Reliability and Validity
The reliability of each multivariate measure in the simple model was assessed using Cronbach’s alpha (reported in Table 2). Factor reliabilities are in the range of adequate (> .70) to excellent (> .90) (Kline, 1998). Content validity is supported by using multiple authoritative sources (program information, experts, well owners, and risk literature) to inform the development of study measures (Kline, 1998).
Discriminant validity indicates that most factors are measuring distinct concepts. Factors with correlations > .85 are excessively high (Kline, 1998). The estimated correlation between health consequences and emotions (.86) shows a minor violation of discriminant validity. The emotion factor was retained because it is a key feature of the CSM. Also, when these factors were merged, model fit declined from RMSEA =.075 to .086 further supporting the decision to keep emotion as a separate variable.
Convergent validity, demonstrated when indicators for a factor have relatively high loadings, means that variables work together to measure a factor (Kline, 1998). While most indicators had fairly high loadings, lower loadings were noted for some elements of arsenic cause; namely quarries, natural causes, and bleach. Quarries reflect a lay belief about cause. Whether a risk is caused by man or nature is an important element in perceived risk (Slovic, 1996). At the time of the study, well test program information stated that using too much bleach or chloride in wells was related to increasing arsenic levels. These elements were left in because they were theoretically important and contributed to the content validity of the cause factor. Some convergent validity was sacrificed for content validity.
Factor mean differences suggest that participants with moderate levels had less strong beliefs about identifying arsenic risk and health consequences and less strong emotions than participants with elevated levels.

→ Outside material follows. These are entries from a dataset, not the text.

(* By Cayley-Hamilton, (tr U + c1) U is a scalar matrix. *)
Lemma mat2_quadratic_root (R : idomainType) (U : mat2 R) (c1 c0 : R) :
  U * U + scalar2 c1 * U + scalar2 c0 = 0 ->
  adj2 U = scalar2 (- c1) - U \/ forall V, U * V = V * U.
Proof.
case: U => [[[u11 u12] u21] u22].
rewrite /scalar2 !mul2E !add2E => -[E11 E12 E21 E22].
have [tr_eq|tr_neq] := eqVneq (u11 + u22 + c1) 0.
  have -> : u22 = - c1 - u11.
    by apply/eqP; rewrite -subr_eq0 -tr_eq; apply/eqP; ring.
  by left; rewrite /=; congr (_, _, _, _); ring.
right; pose s := u11 + u22 + c1.
have cancel_s u : s * u = 0 -> u = 0.
  by move/eqP; rewrite mulf_eq0 (negPf tr_neq) => /eqP.
have u12_0 : u12 = 0.
  apply/cancel_s/(lincomb4_eq0 (k1 := 0) (k2 := 1) (k3 := 0) (k4 := 0)
    E11 E12 E21 E22).
  by rewrite /s; ring.
have u21_0 : u21 = 0.
  apply/cancel_s/(lincomb4_eq0 (k1 := 0) (k2 := 0) (k3 := 1) (k4 := 0)
    E11 E12 E21 E22).
  by rewrite /s; ring.
have u11_u22 : u11 = u22.
  apply/eqP; rewrite -subr_eq0; apply/eqP/cancel_s.
  apply: (lincomb4_eq0 (k1 := 1) (k2 := 0) (k3 := 0) (k4 := -1) E11 E12 E21 E22).
  by rewrite /s; ring.
case=> [[[v11 v12] v21] v22]; rewrite !mul2E u12_0 u21_0 u11_u22.
by congr (_, _, _, _); ring.
Qed.

Section Mat2Alg.
Variables (F : fieldType) (R : comAlgType F).
Local Notation M := (mat2 R).

Definition scale2 (c : F) (X : M) : M :=
  let: (x11, x12, x21, x22) := X in (c *: x11, c *: x12, c *: x21, c *: x22).

Lemma scale2A c d X : scale2 c (scale2 d X) = scale2 (c * d) X.
Proof. by case: X => [[[? ?] ?] ?]; rewrite /= !scalerA. Qed.

Lemma scale2_1 : left_id 1 scale2.
Proof. by case=> [[[? ?] ?] ?]; rewrite /= !scale1r. Qed.

Lemma scale2Dr : right_distributive scale2 +%R.
Proof. by move=> c [[[? ?] ?] ?] [[[? ?] ?] ?]; rewrite /= !scalerDr. Qed.

Lemma scale2Dl X : {morph scale2^~ X : c d / c + d}.
Proof. by case: X => [[[? ?] ?] ?] c d; rewrite /= !scalerDl. Qed.

HB.instance Definition _ := GRing.Zmodule_isLmodule.Build F M
  scale2A scale2_1 scale2Dr scale2Dl.

Lemma scale2E c (x11 x12 x21 x22 : R) :
  c *: ((x11, x12, x21, x22) : M) = (c *: x11, c *: x12, c *: x21, c *: x22).
Proof. by []. Qed.

Lemma scale2Al c (X Y : M) : c *: (X * Y) = (c *: X) * Y.
Proof.
case: X Y => [[[? ?] ?] ?] [[[? ?] ?] ?].
by rewrite !mul2E !scale2E !scalerDr !scalerAl.
Qed.
HB.instance Definition _ := GRing.Lmodule_isLalgebra.Build F M scale2Al.

Lemma scale2Ar c (X Y : M) : c *: (X * Y) = X * (c *: Y).
Proof.
case: X Y => [[[? ?] ?] ?] [[[? ?] ?] ?].
by rewrite !mul2E !scale2E !scalerDr !scalerAr.
Qed.
HB.instance Definition _ := GRing.Lalgebra_isAlgebra.Build F M scale2Ar.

These expected findings contribute to known group validity.
Discussion
The method we described produced reasonably valid and reliable multivariate measures of risk representations. The measurement model was composed of arsenic risk factors that retained the basic meaning of previously established CSM dimensions. Environmental health risk cognitions were composed of identifying risk at a community or personal level, causal factors at an environmental level, health consequences, barriers to control, and uncertainty. Emotions were strongly and positively related to identity and consequences. Measurement model structure and loadings were equivalent across the elevated and moderate arsenic groups suggesting that the measurement properties were the same across these groups. This supports the generalizability of the measurement model among study participants with different arsenic levels. Collectively, findings suggest that CSM representational constructs have utility for understanding representations of environmental health threats.

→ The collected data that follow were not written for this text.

Theorem lemma4p13 (r : nat) (lam mu nu x0 y0 : R) :
  (0 < r)%nat ->
  ( (exists n : nat, (0 < n)%nat /\ lam = PI * INR n /\
        nu > 0 /\ in_frac_Z r x0 /\ in_frac_Z r y0)
  \/ (exists k : Z, lam = PI / 2 + 2 * PI * IZR k /\
        mu = 0 /\ nu = 1 /\ in_frac_Z r x0 /\ in_frac_Z r y0)
  \/ (exists k : Z, lam = PI / 3 + 2 * PI * IZR k /\
        mu = cos (PI / 3) /\ nu = sin (PI / 3) /\
        in_frac_Z r (x0 - / 2) /\ in_frac_Z r y0)
  \/ (exists k : Z, lam = 2 * PI / 3 + 2 * PI * IZR k /\
        mu = cos (PI / 3) /\ nu = sin (PI / 3) /\
        in_frac_Z r x0 /\ in_frac_Z r (y0 - / 2)) ) ->
  forall z : R,
    is_lattice (gen_by
      (mkOsc (/ sqrt nu) 0 0 0 ::
       mkOsc (- mu / sqrt nu) (sqrt nu) 0 0 ::
       mkOsc 0 0 (/ INR r) 0 ::
       mkOsc (x0 / sqrt nu - mu * y0 / sqrt nu) (sqrt nu * y0) z lam :: nil)).
Proof.
  intros Hr Hcase z.
  assert (Hsin3 : 0 < sin (PI / 3))
    by (rewrite sin_PI3; apply Rdiv_lt_0_compat; [apply sqrt_lt_R0|]; lra).
  destruct Hcase as [[n [Hn [-> [Hnu [Hx Hy]]]]] | [[k [-> [-> [-> [Hx Hy]]]]]
    | [[k [-> [-> [-> [Hx Hy]]]]] | [k [-> [-> [-> [Hx Hy]]]]]]]].
  - assert (Hs : sqrt nu <> 0) by (apply Rgt_not_eq, sqrt_lt_R0; lra).
    apply osc_lattice_criterion; auto using in_frac_Z_double.
    + pose proof PI_RGT_0. assert (0 < INR n) by (apply lt_0_INR; lia). nra.
    + apply rot_stable_sin_eq_0; auto using sin_PI_mult.
    + apply rot_stable_sin_eq_0; auto. now rewrite sin_neg, sin_PI_mult, Ropp_0.
  - pose proof (cos_period_Z (PI / 2) k) as Hc. rewrite cos_PI2 in Hc.
    apply osc_lattice_criterion; auto using in_frac_Z_double; rewrite ?sqrt_1; try lra.
    + intro H0. rewrite H0, cos_0 in Hc. lra.
    + now apply rot_stable_square.
    + apply rot_stable_square. now rewrite cos_neg.
  - pose proof (cos_period_Z (PI / 3) k) as Hc. rewrite cos_PI3 in Hc.
    apply osc_lattice_criterion; auto using in_frac_Z_double, in_frac_Z_half_double.
    + intro H0. rewrite H0, cos_0 in Hc. lra.
    + apply rot_stable_hex. lra.
    + apply rot_stable_hex. rewrite cos_neg. lra.
  - pose proof (cos_period_Z (2 * (PI / 3)) k) as Hc. rewrite cos_2PI3 in Hc.
    replace (2 * PI / 3) with (2 * (PI / 3)) by field.
    apply osc_lattice_criterion; auto using in_frac_Z_double, in_frac_Z_half_double.
    + intro H0. rewrite H0, cos_0 in Hc. lra.
    + apply rot_stable_hex. lra.
    + apply rot_stable_hex. rewrite cos_neg. lra.
Qed.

The content and meaning of arsenic risk representations can be understood by examining the loadings, variable means, and standard deviations for individual items contributing to factors. We proposed that identifying arsenic risk included risk recognition (town and household at risk) and risk modifiers (amount and duration of use). The supported identity dimension brought in variables that measured beliefs about exposure (sources of exposure, exposure processes, personal exposure, and benefits of reducing exposure). This is conceptually valid because risk is a function of exposure. Beliefs about property values also belonged to the identity factor. People may link identifying community or household risk with potential loss of home value.
Participants with elevated and moderate arsenic levels had similarly strong beliefs about identifying community level risk; appropriate since they all lived in an advisory area and expected since they all tested for arsenic. Participants with higher arsenic levels had stronger beliefs about identifying personal risk - consistent with a dose/risk relationship and encouraging because recognizing personal risk is needed to prompt protective behavior (Weinstein, 1988).

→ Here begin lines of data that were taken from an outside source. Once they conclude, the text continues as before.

(* Let $b\ge1$, $1\le a\le b$, $t\ge0$ be integers and $d=2t+1$. Let $\nu^{\text{off-diag}}$ be the number of pairs $(k,q)$ with $k$ odd, $1\le k<d$, $-k\le q\le k$, $q\equiv 2a-1\pmod{2b}$. Then $\nu^{\text{off-diag}}=\tfrac{t^2}{b}+\tfrac{t}{b}+\tfrac{2a(a-b-1)+b+1}{2b}+c$, where $c=\tfrac{1}{2b}[t+1-a]_b^2+\tfrac{1}{2b}[t+1-a]_b\big(b-2-2[t-a]_b\big)+\tfrac{1}{2b}[t+a]_b\big(b-2-2[a+t-1]_b+[a+t]_b\big)$, and $0\le c\le 2b$.
   Context: For an integer $x$ and positive integer $y$, $[x]_y:=x\bmod y\in\{0,\dots,y-1\}$. *)

From mathcomp Require Import all_boot all_order all_algebra.
Set Implicit Arguments. Unset Strict Implicit. Unset Printing Implicit Defensive.
Import Order.TTheory GRing.Theory Num.Theory.
Local Open Scope ring_scope.

Definition brmod (x : int) (y : nat) : rat := ((x %% y%:Z)%Z)%:~R.

(* nu^{off-diag}: number of pairs (k,q), k odd, 1 <= k < d = 2t+1,
   q an integer with -k <= q <= k and q = 2a-1 (mod 2b).
   k ranges over 'I_(2t+1) restricted to odd k (so k >= 1 automatically);
   q is written q = i - k with i < 2k+1. *)
Definition nu_offdiag (a b t : nat) : nat :=
  \sum_(k < (2 * t + 1)%N | odd k)
     \sum_(i < (2 * k + 1)%N)
        ((i%:Z - k%:Z) == (2 * a%:Z - 1) %[mod (2 * b)%:Z])%Z.

Definition c_term (a b t : nat) : rat :=
  let B : rat := b%:R in
  let ti : int := t%:Z in let ai : int := a%:Z in
  (brmod (ti + 1 - ai) b) ^+ 2 / (2 * B)
  + brmod (ti + 1 - ai) b * (B - 2 - 2 * brmod (ti - ai) b) / (2 * B)
  + brmod (ti + ai) b * (B - 2 - 2 * brmod (ai + ti - 1) b + brmod (ai + ti) b) / (2 * B).

From mathcomp Require Import all_boot all_order all_algebra zify ring lra.
Import Order.TTheory GRing.Theory Num.Theory.
Local Open Scope ring_scope.

(* Only odd q can be congruent to 2a-1 mod 2b.  Writing q = 2w+1, the row
   k = 2s+1 counts the w in [-s-1, s] with w = a-1 (mod b), i.e. the multiples
   of b in an interval of length 2s+2, so b times the row count is
   2s+1+b-[s+1-a]_b-[s+a]_b.  Summing over s < t, the residues telescope
   against the tent function g(x) = [x]_b (b - [x]_b), whose increments are
   g(x+1) - g(x) = b - 1 - 2[x]_b.  This gives
   2b nu = 2t^2 + 2t + g(t+1-a) + g(t+a) - g(1-a) - g(a), where g(a) and
   g(1-a) are explicit for 1 <= a <= b, and c = (g(t+1-a) + g(t+a))/(2b),
   which lies in [0, b]. *)

Lemma big_nat_double (R : Type) (idx : R) (op : Monoid.law idx)
    (n : nat) (F : nat -> R) :
  \big[op/idx]_(i < n.*2) F i = \big[op/idx]_(j < n) op (F j.*2) (F j.*2.+1).
Proof.
elim: n => [|n IHn]; first by rewrite !big_ord0.
by rewrite !big_ord_recr /= -IHn -Monoid.mulmA.
Qed.

Section ResiduesModB.

Variable b : nat.
Hypothesis b_gt0 : (0 < b)%N.

Lemma modz_small_eq (x q r : int) : 0 <= r < b%:Z -> x = q * b%:Z + r ->
  (x %% b%:Z)%Z = r.
Proof. by move=> r_bnd ->; rewrite modzMDl modz_small. Qed.

Lemma modz_bounds (x : int) : 0 <= (x %% b%:Z)%Z < b%:Z.
Proof.
have b_neq0 : b%:Z != 0 by lia.
by rewrite modz_ge0 // ltz_pmod //; lia.
Qed.

Lemma modzS_cases (x : int) :
  ((x + 1) %% b%:Z)%Z = (x %% b%:Z)%Z + 1 \/
  ((x + 1) %% b%:Z)%Z = 0 /\ (x %% b%:Z)%Z = b%:Z - 1.
Proof.
have /andP[r_ge0 r_ltb] := modz_bounds x.
rewrite -modzDml; have [r_lt|r_ge] := ltP ((x %% b%:Z)%Z + 1) b%:Z.
  by left; apply: (@modz_small_eq _ 0); lia.
by right; split; [apply: (@modz_small_eq _ 1)|]; lia.
Qed.

Lemma modzNS (x : int) : ((- (x + 1)) %% b%:Z)%Z = b%:Z - 1 - (x %% b%:Z)%Z.
Proof.
have /andP[r_ge0 r_ltb] := modz_bounds x.
apply: (@modz_small_eq _ (- (x %/ b%:Z)%Z - 1)); first lia.
rewrite [x in LHS](divz_eq x b%:Z); ring.
Qed.

Lemma dvdzS_mulE (x : int) :
  ((b%:Z %| x + 1)%Z : int) * b%:Z = 1 + (x %% b%:Z)%Z - ((x + 1) %% b%:Z)%Z.
Proof.
have -> : (b%:Z %| x + 1)%Z = (((x + 1) %% b%:Z)%Z == 0).
  by apply/dvdz_mod0P/eqP.
have /andP[r_ge0 _] := modz_bounds x.
case: (modzS_cases x) => [->|[-> ->]]; last by rewrite eqxx /=; ring.
by rewrite gt_eqF /=; [ring | lia].
Qed.

Lemma sum_dvdz_interval (y : int) (n : nat) :
  (\sum_(i < n) (b%:Z %| (y + i.+1%:Z)%R)%Z)%:Z * b%:Z
    = n%:Z + (y %% b%:Z)%Z - ((y + n%:Z) %% b%:Z)%Z.
Proof.
elim: n => [|n IHn]; first by rewrite big_ord0 addr0; ring.
rewrite big_ord_recr /= PoszD mulrDl IHn.
have -> : y + n.+1%:Z = (y + n%:Z) + 1 by lia.
rewrite dvdzS_mulE; ring.
Qed.

Definition tent (x : int) : int := (x %% b%:Z)%Z * (b%:Z - (x %% b%:Z)%Z).

Lemma tentS (x : int) : tent (x + 1) = tent x + b%:Z - 1 - 2 * (x %% b%:Z)%Z.
Proof. by rewrite /tent; case: (modzS_cases x) => [->|[-> ->]]; ring. Qed.

Lemma tentDr (x : int) : tent (x + b%:Z) = tent x.
Proof. by rewrite /tent modzDr. Qed.

Lemma tent_id (x : int) : 0 <= x <= b%:Z -> tent x = x * (b%:Z - x).
Proof.
move=> x_bnd; rewrite /tent; have [->|x_neqb] := eqVneq x b%:Z.
  by rewrite modzz; ring.
by rewrite (@modz_small_eq x 0 x) //; lia.
Qed.

Lemma tent_bounds (x : int) : 0 <= tent x <= b%:Z ^+ 2.
Proof. have := modz_bounds x; rewrite /tent; nia. Qed.

End ResiduesModB.

Lemma eqz_mod_double_odd (m : nat) (w c : int) :
  (2 * w + 1 == 2 * c - 1 %[mod (2 * m)%:Z])%Z = (m%:Z %| w + 1 - c)%Z.
Proof.
rewrite eqz_mod_dvd; apply/dvdzP/dvdzP => -[q q_eq]; exists q; lia.
Qed.

Lemma eqz_mod_double_even (m : nat) (w c : int) :
  (2 * w == 2 * c - 1 %[mod (2 * m)%:Z])%Z = false.
Proof. by rewrite eqz_mod_dvd; apply/dvdzP => -[q q_eq]; lia. Qed.

Definition nu_row (a b k : nat) : nat :=
  \sum_(i < (2 * k + 1)%N)
     ((i%:Z - k%:Z) == (2 * a%:Z - 1) %[mod (2 * b)%:Z])%Z.

Lemma nu_offdiagE (a b t : nat) :
  nu_offdiag a b t = \sum_(k < (2 * t + 1)%N | odd k) nu_row a b k.
Proof. by []. Qed.

Lemma nu_row_odd (a b s : nat) : (0 < b)%N ->
  (nu_row a b (2 * s + 1))%:Z * b%:Z
    = 2 * s%:Z + 1 + b%:Z
      - ((s%:Z + 1 - a%:Z) %% b%:Z)%Z - ((s%:Z + a%:Z) %% b%:Z)%Z.
Proof.
move=> b_gt0; set k := (2 * s + 1)%N.
pose F (i : nat) : nat :=
  ((i%:Z - k%:Z) == (2 * a%:Z - 1) %[mod (2 * b)%:Z])%Z.
have F_odd j : F j.*2.+1 = 0%N.
  rewrite /F (_ : j.*2.+1%:Z - k%:Z = 2 * (j%:Z - s%:Z)); last lia.
  by rewrite eqz_mod_double_even.
have F_even j : F j.*2 = (b%:Z %| (- (s%:Z + a%:Z + 1) + j.+1%:Z)%R)%Z.
  rewrite /F (_ : j.*2%:Z - k%:Z = 2 * (j%:Z - s%:Z - 1) + 1); last lia.
  rewrite eqz_mod_double_odd.
  by rewrite (_ : _ + 1 - a%:Z = - (s%:Z + a%:Z + 1) + j.+1%:Z) //; lia.
have -> : nu_row a b k = \sum_(i < k.+1.*2) F i.
  by rewrite big_ord_recr /= F_odd addr0 /nu_row mul2n addn1.
rewrite big_nat_double.
under eq_bigr do rewrite /= F_odd addr0 F_even.
rewrite sum_dvdz_interval // modzNS //.
rewrite (_ : _ + k.+1%:Z = s%:Z + 1 - a%:Z); last lia.
rewrite /k; lia.
Qed.

Lemma nu_offdiagS (a b t : nat) :
  nu_offdiag a b t.+1 = (nu_offdiag a b t + nu_row a b (2 * t + 1))%N.
Proof.
rewrite !nu_offdiagE (_ : (2 * t.+1 + 1 = (2 * t + 1).+2)%N); last lia.
rewrite big_mkcond [in RHS]big_mkcond !big_ord_recr /=.
by rewrite oddD oddM /= !addr0.
Qed.

Lemma nu_offdiag_mul (a b t : nat) : (0 < b)%N ->
  2 * b%:Z * (nu_offdiag a b t)%:Z
    = 2 * t%:Z ^+ 2 + 2 * t%:Z
      + tent b (t%:Z + 1 - a%:Z) + tent b (t%:Z + a%:Z)
      - tent b (1 - a%:Z) - tent b a%:Z.
Proof.
move=> b_gt0; elim: t => [|t IHt].
  by rewrite nu_offdiagE big_mkcond big_ord_recr big_ord0 /=; ring.
rewrite nu_offdiagS PoszD mulrDr IHt -mulrA [b%:Z * _]mulrC nu_row_odd //.
rewrite (_ : t.+1%:Z + 1 - a%:Z = (t%:Z + 1 - a%:Z) + 1); last lia.
rewrite (_ : t.+1%:Z + a%:Z = (t%:Z + a%:Z) + 1); last lia.
rewrite !tentS // -(addn1 t) PoszD; ring.
Qed.

Lemma c_term_tent (a b t : nat) : (0 < b)%N ->
  c_term a b t
    = (tent b (t%:Z + 1 - a%:Z) + tent b (t%:Z + a%:Z))%:~R / (2 * b%:R).
Proof.
move=> b_gt0; rewrite /c_term /brmod /tent /=.
rewrite (_ : t%:Z + 1 - a%:Z = (t%:Z - a%:Z) + 1); last lia.
set y := a%:Z + t%:Z - 1.
rewrite (_ : t%:Z + a%:Z = y + 1); last by rewrite /y; lia.
rewrite (_ : a%:Z + t%:Z = y + 1); last by rewrite /y; lia.
case: (modzS_cases _ b_gt0 (t%:Z - a%:Z)) => [->|[-> ->]];
case: (modzS_cases _ b_gt0 y) => [->|[-> ->]];
  by field; rewrite pnatr_eq0 -lt0n.
Qed.

Lemma c_term_bounds (a b t : nat) : (0 < b)%N -> 0 <= c_term a b t <= b%:R.
Proof.
move=> b_gt0; rewrite c_term_tent //.
have b_pos : (0 : rat) < b%:R by rewrite ltr0n.
have tent_bnd x : 0 <= ((tent b x)%:~R : rat) <= b%:R ^+ 2.
  rewrite (_ : b%:R ^+ 2 = (b%:Z ^+ 2)%:~R :> rat); last ring.
  by rewrite ler0z ler_int tent_bounds.
have /andP[T1_ge0 T1_le] := tent_bnd (t%:Z + 1 - a%:Z).
have /andP[T2_ge0 T2_le] := tent_bnd (t%:Z + a%:Z).
rewrite intrD; apply/andP; split.
  by rewrite divr_ge0 ?addr_ge0 // mulr_ge0 // ltW.
rewrite ler_pdivrMr ?mulr_gt0 //; nra.
Qed.

Theorem lemmaS12 (a b t : nat) :
  (1 <= b)%N -> (1 <= a)%N -> (a <= b)%N ->
  ((nu_offdiag a b t)%:R : rat) =
      (t ^ 2)%:R / b%:R + t%:R / b%:R
      + (2 * a%:R * (a%:R - b%:R - 1) + b%:R + 1) / (2 * b%:R)
      + c_term a b t
  /\ 0 <= c_term a b t <= 2 * b%:R.
Proof.
move=> b_gt0 a_gt0 a_leb.
have b_neq0 : b%:R != 0 :> rat by rewrite pnatr_eq0 -lt0n.
have tent_a : tent b a%:Z = a%:Z * (b%:Z - a%:Z) by apply: tent_id; lia.
have tent_1a : tent b (1 - a%:Z) = (b%:Z + 1 - a%:Z) * (a%:Z - 1).
  by rewrite -tentDr tent_id //; [ring | lia].
have nu_eq := nu_offdiag_mul a b t b_gt0; rewrite tent_a tent_1a in nu_eq.
split.
  have -> : (nu_offdiag a b t)%:R
      = (2 * b%:Z * (nu_offdiag a b t)%:Z)%:~R / (2 * b%:R) :> rat by field.
  by rewrite nu_eq c_term_tent //; field.
have /andP[c_ge0 c_leb] := c_term_bounds a b t b_gt0.
rewrite c_ge0 /= (le_trans c_leb) // ler_pMl ?ltr0n //; lra.
Qed.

The health consequences factor is similar to the CSM illness consequence dimension (perceived likelihood, severity, and problem seriousness). Health consequence beliefs were the weakest among the cognitive dimensions; people identified being at risk without having strong beliefs about potential health consequences. The idea that one can be exposed to arsenic without having consequences is evident in the remark made by a participant with 71 µg/L arsenic: “How much water do I really need to drink to have arsenic cause health problems?” Participants with lower arsenic levels had less strong beliefs about health consequences than those with higher levels. This trend is also consistent with a dose-response model of risk.
Emotional representations were not strong among either group and expectedly less strong among participants with moderate arsenic levels. Recognizing the presence of arsenic risk in their community did not appear to engender strong emotions, perhaps because participants did not have strong beliefs about health consequences. We expected stronger emotions because, in general, people are concerned about the effects of environmental contaminants on their health and especially concerned about contaminated drinking water (Petrie et al., 2001). People tend to have optimistic biases about their personal susceptibility to health risks (Weinstein, 1987) that are resistant to modification by information designed to alter these beliefs (Weinstein & Klein, 1995). Emotional responses to environmental risks are heightened when people perceive that a risk is manmade (Slovic, 1996) or that those in authority can’t be trusted (Slovic, 1993). Beliefs that arsenic is naturally occurring, optimistic bias, and minimal distrust may partially explain why arsenic risk did not engender strong emotions among participants with elevated arsenic levels.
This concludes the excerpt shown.